=== Task details ===
Every entry must be printed again exactly, with nothing left out.

=== Records for this task ===
________________

Lemma bm_translation_sem u w : bm_sem B u = Some w <-> tr_rel bm_translation u w.
Proof.
rewrite bm_sem_Some; split.
  case=> r [l [x [z [ur ul rx lz ->]]]].
  have size_ws : size (map letter_out (splits [::] u)) = size u.
    by rewrite size_map size_splits.
  exists x, (map letter_out (splits [::] u)), z; split; [split|split; [|split]] => //.
  - exact: lambda_in_outputs rx.
  - exact: rho_in_outputs lz.
  - by apply/allP => _ /mapP [[[p a] s] _ ->]; apply: out_in_outputs.
  - exact/(letter_outputsP size_ws).
  - by apply/models_stateR_formula; exists r.
  - by apply/models_stateL_formula; exists l.
case=> x [ws [z [[size_ws -> _ _ _] [ws_spec [init_x term_z]]]]].
have [r ur rx] := (models_stateR_formula _ _).1 init_x.
have [l ul lz] := (models_stateL_formula _ _).1 term_z.
by exists r, l, x, z; rewrite -(letter_outputsP size_ws).1.
Qed.

End BimachineTranslation.

Theorem mainTheorem3 (V : finMonoid -> Prop) (F : logic) (Sigma : finType)
    (f : seq Sigma -> option (seq Sigma)) :
  monoid_variety V ->
  corresponds F V ->
  (exists B : bimachine Sigma,
     [/\ complete_bm B, V_bimachine V B & forall u, f u = bm_sem B u]) ->
  exists T : translation Sigma, F_translation F T /\ defines T f.
Proof.
move=> _ F_V [B [B_complete B_V f_B]].
exists (bm_translation F B); split; first exact: bm_translation_F.
by move=> u w; rewrite f_B; apply: bm_translation_sem.
Qed.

________________

=== Task answer ===
Lemma bm_translation_sem u w : bm_sem B u = Some w <-> tr_rel bm_translation u w.
Proof.
rewrite bm_sem_Some; split.
  case=> r [l [x [z [ur ul rx lz ->]]]].
  have size_ws : size (map letter_out (splits [::] u)) = size u.
    by rewrite size_map size_splits.
  exists x, (map letter_out (splits [::] u)), z; split; [split|split; [|split]] => //.
  - exact: lambda_in_outputs rx.
  - exact: rho_in_outputs lz.
  - by apply/allP => _ /mapP [[[p a] s] _ ->]; apply: out_in_outputs.
  - exact/(letter_outputsP size_ws).
  - by apply/models_stateR_formula; exists r.
  - by apply/models_stateL_formula; exists l.
case=> x [ws [z [[size_ws -> _ _ _] [ws_spec [init_x term_z]]]]].
have [r ur rx] := (models_stateR_formula _ _).1 init_x.
have [l ul lz] := (models_stateL_formula _ _).1 term_z.
by exists r, l, x, z; rewrite -(letter_outputsP size_ws).1.
Qed.

End BimachineTranslation.

Theorem mainTheorem3 (V : finMonoid -> Prop) (F : logic) (Sigma : finType)
    (f : seq Sigma -> option (seq Sigma)) :
  monoid_variety V ->
  corresponds F V ->
  (exists B : bimachine Sigma,
     [/\ complete_bm B, V_bimachine V B & forall u, f u = bm_sem B u]) ->
  exists T : translation Sigma, F_translation F T /\ defines T f.
Proof.
move=> _ F_V [B [B_complete B_V f_B]].
exists (bm_translation F B); split; first exact: bm_translation_F.
by move=> u w; rewrite f_B; apply: bm_translation_sem.
Qed.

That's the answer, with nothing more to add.